__WHAT IS NEEDED__
In the records below, find the line that contains "[ffun xy =>" and the line that contains "cancel (@tensor_of_mx n1", then retype exactly those two lines and every line between them.

__EXTRACTED RECORDS__
(* Let $\mathcal{A}=\mathcal{R}*_K\mathcal{S}*_L\mathcal{T}\in\mathbb{C}^{I_1\times\cdots\times I_N\times J_1\times\cdots\times J_M}$, where $\mathcal{R}\in\mathbb{C}^{I_1\times\cdots\times I_N\times H_1\times\cdots\times H_K}$, $\mathcal{S}\in\mathbb{C}^{H_1\times\cdots\times H_K\times G_1\times\cdots\times G_L}$ and $\mathcal{T}\in\mathbb{C}^{G_1\times\cdots\times G_L\times J_1\times\cdots\times J_M}$. Then $$\mathcal{A}_{\pi\dagger}=\mathcal{T}^{\dagger}*_L(\mathcal{A}*_M\mathcal{T}^{\dagger})^{\dagger}*_N\mathcal{A}*_M(\mathcal{R}^{\dagger}*_N\mathcal{A})^{\dagger}*_K\mathcal{R}^{\dagger},$$ and $\mathcal{A}_{\pi\dagger}$ is the unique tensor $\mathcal{X}\in\mathbb{C}^{J_1\times\cdots\times J_M\times I_1\times\cdots\times I_N}$ such that $\mathcal{X}*_N\mathcal{A}*_M\mathcal{X}=\mathcal{X}$, $\mathcal{A}*_M\mathcal{X}=\mathcal{A}*_M(\mathcal{R}^{\dagger}*_N\mathcal{A})^{\dagger}*_K\mathcal{R}^{\dagger}$ and $\mathcal{X}*_N\mathcal{A}=\mathcal{T}^{\dagger}*_L(\mathcal{A}*_M\mathcal{T}^{\dagger})^{\dagger}*_N\mathcal{A}$.
   Context: $\mathbb{C}^{I_1\times\cdots\times I_N}$ denotes the set of complex tensors of order $N$ and dimension $I_1\times\cdots\times I_N$. For $\mathcal{A}\in\mathbb{C}^{I_1\times\cdots\times I_N\times K_1\times\cdots\times K_N}$ and $\mathcal{B}\in\mathbb{C}^{K_1\times\cdots\times K_N\times J_1\times\cdots\times J_M}$, the Einstein product $\mathcal{A}*_N\mathcal{B}$ is defined by $(\mathcal{A}*_N\mathcal{B})_{i_1\dots i_N j_1\dots j_M}=\sum_{k_1,\dots,k_N}a_{i_1\dots i_N k_1\dots k_N}b_{k_1\dots k_N j_1\dots j_M}$; it is associative. $\mathcal{A}^H$ denotes the conjugate transpose (swap the two groups of indices and conjugate entries). For $\mathcal{A}\in\mathbb{C}^{I_1\times\cdots\times I_N\times J_1\times\cdots\times J_M}$ the Moore–Penrose inverse $\mathcal{A}^{\dagger}$ is the unique $\mathcal{X}\in\mathbb{C}^{J_1\times\cdots\times J_M\times I_1\times\cdots\times I_N}$ with $\mathcal{A}*_M\mathcal{X}*_N\mathcal{A}=\mathcal{A}$, $\mathcal{X}*_N\mathcal{A}*_M\mathcal{X}=\mathcal{X}$, $(\mathcal{A}*_M\mathcal{X})^H=\mathcal{A}*_M\mathcal{X}$, $(\mathcal{X}*_N\mathcal{A})^H=\mathcal{X}*_N\mathcal{A}$. Given the factorization $\mathcal{A}=\mathcal{R}*_K\mathcal{S}*_L\mathcal{T}$ as in the claim, the product Moore–Penrose inverse of $\mathcal{A}$ (relative to this factorization) is $\mathcal{A}_{\pi\dagger}=\mathcal{T}^{\dagger}*_L(\mathcal{R}^{\dagger}*_N\mathcal{A}*_M\mathcal{T}^{\dagger})^{\dagger}*_K\mathcal{R}^{\dagger}$. *)

From HB Require Import structures.
From mathcomp Require Import all_boot all_order all_algebra.
From mathcomp Require Import complex.
From mathcomp Require Import reals.
From Stdlib Require Import ClassicalEpsilon.
Set Implicit Arguments. Unset Strict Implicit. Unset Printing Implicit Defensive.
Import Order.TTheory GRing.Theory Num.Theory.
Local Open Scope ring_scope.

Definition mindex (n : nat) (d : 'I_n -> nat) : finType :=
  {dffun forall k : 'I_n, 'I_(d k)}.

Definition tensor (C : Type) (N : nat) (I : 'I_N -> nat) (M : nat) (J : 'I_M -> nat) :=
  {ffun mindex I * mindex J -> C}.

Section Tensors.
Variable R : realType.
Local Notation C := R[i].

Definition einstein N (I : 'I_N -> nat) K (H : 'I_K -> nat) M (J : 'I_M -> nat)
  (A : tensor C I H) (B : tensor C H J) : tensor C I J :=
  [ffun ij => \sum_(h : mindex H) A (ij.1, h) * B (h, ij.2)].

Definition ctr N (I : 'I_N -> nat) M (J : 'I_M -> nat) (A : tensor C I J) : tensor C J I :=
  [ffun ji => (A (ji.2, ji.1))^*].

Definition is_MP N (I : 'I_N -> nat) M (J : 'I_M -> nat)
  (A : tensor C I J) (X : tensor C J I) : Prop :=
  [/\ einstein (einstein A X) A = A,
      einstein (einstein X A) X = X,
      ctr (einstein A X) = einstein A X
    & ctr (einstein X A) = einstein X A].

Definition mpinv N (I : 'I_N -> nat) M (J : 'I_M -> nat) (A : tensor C I J) : tensor C J I :=
  epsilon (inhabits 0) (is_MP A).

Definition pmpinv N (I : 'I_N -> nat) M (J : 'I_M -> nat)
  K (H : 'I_K -> nat) L (G : 'I_L -> nat)
  (Rt : tensor C I H) (A : tensor C I J) (T : tensor C G J) : tensor C J I :=
  einstein (einstein (mpinv T) (mpinv (einstein (einstein (mpinv Rt) A) (mpinv T))))
           (mpinv Rt).

End Tensors.

From HB Require Import structures.
From mathcomp Require Import all_boot all_order all_algebra.
From mathcomp Require Import complex.
From mathcomp Require Import reals.
From Stdlib Require Import ClassicalEpsilon.
Set Implicit Arguments. Unset Strict Implicit. Unset Printing Implicit Defensive.
Import Order.TTheory GRing.Theory Num.Theory.
Local Open Scope ring_scope.

(* With A = R S T, the tensors R^dag A and R^dag A T^dag have the same range,
   and A T^dag and R^dag A T^dag the same co-range, so the corresponding
   orthogonal projectors coincide.  Multiplying out, X0 := A_{pi dag}
   satisfies A X0 = A (R^dag A)^dag R^dag, X0 A = T^dag (A T^dag)^dag A and
   X0 A X0 = X0.  An outer inverse X of A (X A X = X) is determined by A X
   and X A, which gives both the formula and the uniqueness.  Moore-Penrose
   inverses exist by Zlobec's formula A^dag = A^H (A^H A A^H)^- A^H, with an
   inner inverse ^- of the matricization. *)

Local Notation "A ** B" := (einstein A B) (at level 40, left associativity).
Local Notation "A ^H" := (ctr A) (at level 8).

Section TensorAlgebra.

Variable R : realType.
Local Notation C := R[i].

Lemma einsteinA n1 (I1 : 'I_n1 -> nat) n2 (I2 : 'I_n2 -> nat)
    n3 (I3 : 'I_n3 -> nat) n4 (I4 : 'I_n4 -> nat)
    (A : tensor C I1 I2) (B : tensor C I2 I3) (D : tensor C I3 I4) :
  A ** B ** D = A ** (B ** D).
Proof.
apply/ffunP => -[x y]; rewrite !ffunE /=.
under eq_bigr do rewrite ffunE /= mulr_suml.
under [RHS]eq_bigr do rewrite ffunE /= mulr_sumr.
rewrite exchange_big /=; apply: eq_bigr => h _; apply: eq_bigr => g _.
by rewrite mulrA.
Qed.

Lemma einsteinBr n1 (I1 : 'I_n1 -> nat) n2 (I2 : 'I_n2 -> nat)
    n3 (I3 : 'I_n3 -> nat) (A : tensor C I1 I2) (B D : tensor C I2 I3) :
  A ** (B - D) = A ** B - A ** D.
Proof.
apply/ffunP => -[x y]; rewrite !ffunE /= -sumrB; apply: eq_bigr => h _.
by rewrite !ffunE mulrBr.
Qed.

Lemma einsteinBl n1 (I1 : 'I_n1 -> nat) n2 (I2 : 'I_n2 -> nat)
    n3 (I3 : 'I_n3 -> nat) (A B : tensor C I1 I2) (D : tensor C I2 I3) :
  (A - B) ** D = A ** D - B ** D.
Proof.
apply/ffunP => -[x y]; rewrite !ffunE /= -sumrB; apply: eq_bigr => h _.
by rewrite !ffunE mulrBl.
Qed.

Lemma einstein0r n1 (I1 : 'I_n1 -> nat) n2 (I2 : 'I_n2 -> nat)
    n3 (I3 : 'I_n3 -> nat) (A : tensor C I1 I2) :
  A ** (0 : tensor C I2 I3) = 0.
Proof.
apply/ffunP => -[x y]; rewrite !ffunE /=; apply: big1 => h _.
by rewrite !ffunE mulr0.
Qed.

Lemma ctrK n1 (I1 : 'I_n1 -> nat) n2 (I2 : 'I_n2 -> nat)
    (A : tensor C I1 I2) : A^H^H = A.
Proof. by apply/ffunP => -[x y]; rewrite !ffunE /= conjCK. Qed.

Lemma ctrB n1 (I1 : 'I_n1 -> nat) n2 (I2 : 'I_n2 -> nat)
    (A B : tensor C I1 I2) : (A - B)^H = A^H - B^H.
Proof. by apply/ffunP => -[x y]; rewrite !ffunE /= rmorphB. Qed.

Lemma ctr_einstein n1 (I1 : 'I_n1 -> nat) n2 (I2 : 'I_n2 -> nat)
    n3 (I3 : 'I_n3 -> nat) (A : tensor C I1 I2) (B : tensor C I2 I3) :
  (A ** B)^H = B^H ** A^H.
Proof.
apply/ffunP => -[x y]; rewrite !ffunE /= rmorph_sum; apply: eq_bigr => h _.
by rewrite !ffunE /= rmorphM mulrC.
Qed.

Lemma ctr_einstein_eq0 n1 (I1 : 'I_n1 -> nat) n2 (I2 : 'I_n2 -> nat)
    (B : tensor C I1 I2) : B^H ** B = 0 -> B = 0.
Proof.
move=> BHB0; apply/ffunP => -[x y].
have := congr1 (fun F : tensor C I2 I2 => F (y, y)) BHB0.
rewrite !ffunE /= => /eqP.
rewrite psumr_eq0 => [/allP/(_ x (mem_index_enum x))|z _].
  by rewrite ffunE /= mulrC mul_conjC_eq0 => /eqP.
by rewrite ffunE /= mulrC mul_conjC_ge0.
Qed.

Lemma einstein_ctrl_cancel n1 (I1 : 'I_n1 -> nat) n2 (I2 : 'I_n2 -> nat)
    n3 (I3 : 'I_n3 -> nat) (A : tensor C I1 I2) (U V : tensor C I2 I3) :
  A^H ** A ** U = A^H ** A ** V -> A ** U = A ** V.
Proof.
move=> eUV; apply/eqP; rewrite -subr_eq0; apply/eqP/ctr_einstein_eq0.
by rewrite -einsteinBr ctr_einstein einsteinA -(einsteinA A^H) einsteinBr eUV
  subrr !einstein0r.
Qed.

Lemma einstein_ctrr_cancel n1 (I1 : 'I_n1 -> nat) n2 (I2 : 'I_n2 -> nat)
    n3 (I3 : 'I_n3 -> nat) (A : tensor C I2 I3) (U V : tensor C I1 I2) :
  U ** A ** A^H = V ** A ** A^H -> U ** A = V ** A.
Proof.
move=> /(congr1 (@ctr _ _ _ _ _)); rewrite !ctr_einstein ctrK -!einsteinA.
by rewrite -{1 3}[A]ctrK => /einstein_ctrl_cancel/(congr1 (@ctr _ _ _ _ _));
  rewrite !ctr_einstein !ctrK.
Qed.

Lemma einstein_ctrl_id n1 (I1 : 'I_n1 -> nat) n2 (I2 : 'I_n2 -> nat)
    (A : tensor C I1 I2) (W : tensor C I2 I2) :
  A^H ** (A ** W) = A^H ** A -> A ** W = A.
Proof.
move=> eW; apply/eqP; rewrite -subr_eq0; apply/eqP/ctr_einstein_eq0.
have AHD0 : A^H ** (A ** W - A) = 0 by rewrite einsteinBr eW subrr.
by rewrite ctrB ctr_einstein einsteinBl einsteinA AHD0 !einstein0r subrr.
Qed.

Lemma einstein_zlobec n1 (I1 : 'I_n1 -> nat) n2 (I2 : 'I_n2 -> nat)
    (A : tensor C I1 I2) (Y : tensor C I1 I2) :
  let W := A^H ** A ** A^H in
  W ** Y ** W = W -> A ** (A^H ** Y ** A^H) ** A = A.
Proof.
move=> W WYW; rewrite einsteinA; apply: einstein_ctrl_id.
have := einstein_ctrr_cancel (A := A) (V := A^H)
  (U := A^H ** A ** A^H ** Y ** A^H).
by rewrite !einsteinA => -> //; rewrite /W !einsteinA in WYW.
Qed.

Lemma is_MP_range n1 (I1 : 'I_n1 -> nat) n2 (I2 : 'I_n2 -> nat)
    (A : tensor C I1 I2) (X : tensor C I2 I1) (Z : tensor C I1 I2) :
  A ** X ** A = A -> X = A^H ** Z ** A^H -> is_MP A X.
Proof.
move=> AXA XE.
have AH : A^H ** (X^H ** A^H) = A^H by rewrite -!ctr_einstein AXA.
have AXH : (A ** X)^H = A ** X.
  have AXE : A ** X = A ** X ** (A ** X)^H.
    by rewrite ctr_einstein {1}XE -{2}AH XE !einsteinA.
  by rewrite AXE ctr_einstein ctrK.
have XAH : (X ** A)^H = X ** A.
  have XAE : X ** A = (X ** A)^H ** (X ** A).
    by rewrite ctr_einstein {1}XE -{1}AH XE !einsteinA.
  by rewrite XAE ctr_einstein ctrK.
split=> //.
by rewrite einsteinA -AXH ctr_einstein {1}XE !einsteinA AH -einsteinA -XE.
Qed.

Definition mx_of_tensor n1 (I1 : 'I_n1 -> nat) n2 (I2 : 'I_n2 -> nat)
    (A : tensor C I1 I2) : 'M[C]_(#|mindex I1|, #|mindex I2|) :=
  \matrix_(x, y) A (enum_val x, enum_val y).

Definition tensor_of_mx n1 (I1 : 'I_n1 -> nat) n2 (I2 : 'I_n2 -> nat)
    (B : 'M[C]_(#|mindex I1|, #|mindex I2|)) : tensor C I1 I2 :=
  [ffun xy => B (enum_rank xy.1) (enum_rank xy.2)].

Lemma mx_of_tensorK n1 (I1 : 'I_n1 -> nat) n2 (I2 : 'I_n2 -> nat) :
  cancel (@mx_of_tensor n1 I1 n2 I2) (@tensor_of_mx n1 I1 n2 I2).
Proof. by move=> A; apply/ffunP => -[x y]; rewrite !ffunE mxE !enum_rankK. Qed.

Lemma tensor_of_mxK n1 (I1 : 'I_n1 -> nat) n2 (I2 : 'I_n2 -> nat) :
  cancel (@tensor_of_mx n1 I1 n2 I2) (@mx_of_tensor n1 I1 n2 I2).
Proof. by move=> B; apply/matrixP => x y; rewrite mxE ffunE /= !enum_valK. Qed.

Lemma mx_of_tensor_einstein n1 (I1 : 'I_n1 -> nat) n2 (I2 : 'I_n2 -> nat)
    n3 (I3 : 'I_n3 -> nat) (A : tensor C I1 I2) (B : tensor C I2 I3) :
  mx_of_tensor (A ** B) = mx_of_tensor A *m mx_of_tensor B.
Proof.
apply/matrixP => x y; rewrite !mxE ffunE /=.
rewrite (reindex (@enum_val (mindex I2) predT)) /=; last first.
  exact/onW_bij/enum_val_bij.
by apply: eq_bigr => h _; rewrite !mxE.
Qed.

Lemma einstein_inner_inverse n1 (I1 : 'I_n1 -> nat) n2 (I2 : 'I_n2 -> nat)
    (A : tensor C I1 I2) : exists Y : tensor C I2 I1, A ** Y ** A = A.
Proof.
exists (tensor_of_mx (pinvmx (mx_of_tensor A))).
apply: (can_inj (@mx_of_tensorK _ _ _ _)).
by rewrite !mx_of_tensor_einstein tensor_of_mxK mulmxKpV.
Qed.

Lemma mpinvP n1 (I1 : 'I_n1 -> nat) n2 (I2 : 'I_n2 -> nat)
    (A : tensor C I1 I2) : is_MP A (mpinv A).
Proof.
apply: (epsilon_spec (inhabits 0) (is_MP A)).
have [Y WYW] := einstein_inner_inverse (A^H ** A ** A^H).
by exists (A^H ** Y ** A^H); apply: is_MP_range (einstein_zlobec WYW) _.
Qed.

Lemma herm_proj_eq n1 (I1 : 'I_n1 -> nat) (P Q : tensor C I1 I1) :
  P^H = P -> Q^H = Q -> P ** Q = Q -> Q ** P = P -> P = Q.
Proof. by move=> PH QH PQ QP; rewrite -PH -QP ctr_einstein PH QH PQ. Qed.

Lemma range_proj_eq n1 (I1 : 'I_n1 -> nat) n2 (I2 : 'I_n2 -> nat)
    n3 (I3 : 'I_n3 -> nat) (B : tensor C I1 I3) (D : tensor C I1 I2)
    (u : tensor C I2 I3) (v : tensor C I3 I2) :
  B = D ** u -> D = B ** v -> D ** mpinv D = B ** mpinv B.
Proof.
move=> BE DE; have [BbB _ BbH _] := mpinvP B; have [DdD _ DdH _] := mpinvP D.
have DdB : D ** mpinv D ** B = B by rewrite BE -einsteinA DdD.
have BbD : B ** mpinv B ** D = D by rewrite DE -einsteinA BbB.
by apply: herm_proj_eq; rewrite // -einsteinA ?DdB ?BbD.
Qed.

Lemma corange_proj_eq n1 (I1 : 'I_n1 -> nat) n2 (I2 : 'I_n2 -> nat)
    n3 (I3 : 'I_n3 -> nat) (B : tensor C I3 I2) (D : tensor C I1 I2)
    (u : tensor C I3 I1) (v : tensor C I1 I3) :
  B = u ** D -> D = v ** B -> mpinv D ** D = mpinv B ** B.
Proof.
move=> BE DE; have [BbB _ _ BbH] := mpinvP B; have [DdD _ _ DdH] := mpinvP D.
have BdD : B ** (mpinv D ** D) = B by rewrite BE einsteinA -(einsteinA D) DdD.
have DbB : D ** (mpinv B ** B) = D by rewrite DE einsteinA -(einsteinA B) BbB.
apply: herm_proj_eq => //.
  by rewrite -DdH -BbH -ctr_einstein einsteinA BdD BbH.
by rewrite -DdH -BbH -ctr_einstein einsteinA DbB DdH.
Qed.

Lemma outer_inverse_unique n1 (I1 : 'I_n1 -> nat) n2 (I2 : 'I_n2 -> nat)
    (A : tensor C I1 I2) (X Y : tensor C I2 I1) :
  X ** A ** X = X -> Y ** A ** Y = Y -> A ** X = A ** Y -> X ** A = Y ** A ->
  X = Y.
Proof.
by move=> XAX YAY AXY XAY; rewrite -XAX einsteinA AXY -einsteinA XAY YAY.
Qed.

End TensorAlgebra.

Theorem theorem3p4 (R : realType)
  (N : nat) (I : 'I_N -> nat) (M : nat) (J : 'I_M -> nat)
  (K : nat) (H : 'I_K -> nat) (L : nat) (G : 'I_L -> nat)
  (Rt : tensor R[i] I H) (S : tensor R[i] H G) (T : tensor R[i] G J) :
  let A := einstein (einstein Rt S) T in
  pmpinv Rt A T =
    einstein (einstein (einstein (einstein (mpinv T) (mpinv (einstein A (mpinv T)))) A)
                       (mpinv (einstein (mpinv Rt) A)))
             (mpinv Rt)
  /\ (forall X : tensor R[i] J I,
        [/\ einstein (einstein X A) X = X,
            einstein A X = einstein (einstein A (mpinv (einstein (mpinv Rt) A))) (mpinv Rt)
          & einstein X A = einstein (einstein (mpinv T) (mpinv (einstein A (mpinv T)))) A]
        <-> X = pmpinv Rt A T).
Proof.
move=> A; rewrite /pmpinv; set r := mpinv Rt; set t := mpinv T.
have RrA : Rt ** r ** A = A.
  by have [RrR _ _ _] := mpinvP Rt; rewrite /A -!einsteinA RrR.
have AtT : A ** (t ** T) = A.
  by have [TtT _ _ _] := mpinvP T; rewrite /A !einsteinA -(einsteinA T) TtT.
clearbody A; have [_ bXb _ _] := mpinvP (r ** A ** t).
set b := mpinv (r ** A ** t) in bXb *; set X0 := t ** b ** r.
have AX0 : A ** mpinv (r ** A) ** r = A ** X0.
  have rAc : r ** A ** mpinv (r ** A) = r ** A ** t ** b.
    by apply: (range_proj_eq (v := T) (erefl _)); rewrite !einsteinA AtT.
  have := congr1 (fun Z => Rt ** Z ** r) rAc.
  by rewrite /X0 -!einsteinA RrA => ->.
have X0A : t ** mpinv (A ** t) ** A = X0 ** A.
  have dAt : mpinv (A ** t) ** (A ** t) = b ** (r ** A ** t).
    apply: (corange_proj_eq (v := Rt) (einsteinA r A t)).
    by rewrite -!einsteinA RrA.
  have := congr1 (fun Z => t ** Z ** T) dAt.
  by rewrite /X0 !einsteinA AtT => ->.
have X0AX0 : X0 ** A ** X0 = X0.
  have := congr1 (fun Z => t ** Z ** r) bXb.
  by rewrite /X0 !einsteinA => ->.
split.
  by rewrite X0A (einsteinA X0) einsteinA AX0 -einsteinA X0AX0.
move=> X; split=> [[XAX AX XA]|->]; last by rewrite AX0 X0A.
by apply: (outer_inverse_unique XAX X0AX0); rewrite ?AX ?XA.
Qed.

__ANSWER BOX__
  [ffun xy => B (enum_rank xy.1) (enum_rank xy.2)].

Lemma mx_of_tensorK n1 (I1 : 'I_n1 -> nat) n2 (I2 : 'I_n2 -> nat) :
  cancel (@mx_of_tensor n1 I1 n2 I2) (@tensor_of_mx n1 I1 n2 I2).
Proof. by move=> A; apply/ffunP => -[x y]; rewrite !ffunE mxE !enum_rankK. Qed.

Lemma tensor_of_mxK n1 (I1 : 'I_n1 -> nat) n2 (I2 : 'I_n2 -> nat) :
  cancel (@tensor_of_mx n1 I1 n2 I2) (@mx_of_tensor n1 I1 n2 I2).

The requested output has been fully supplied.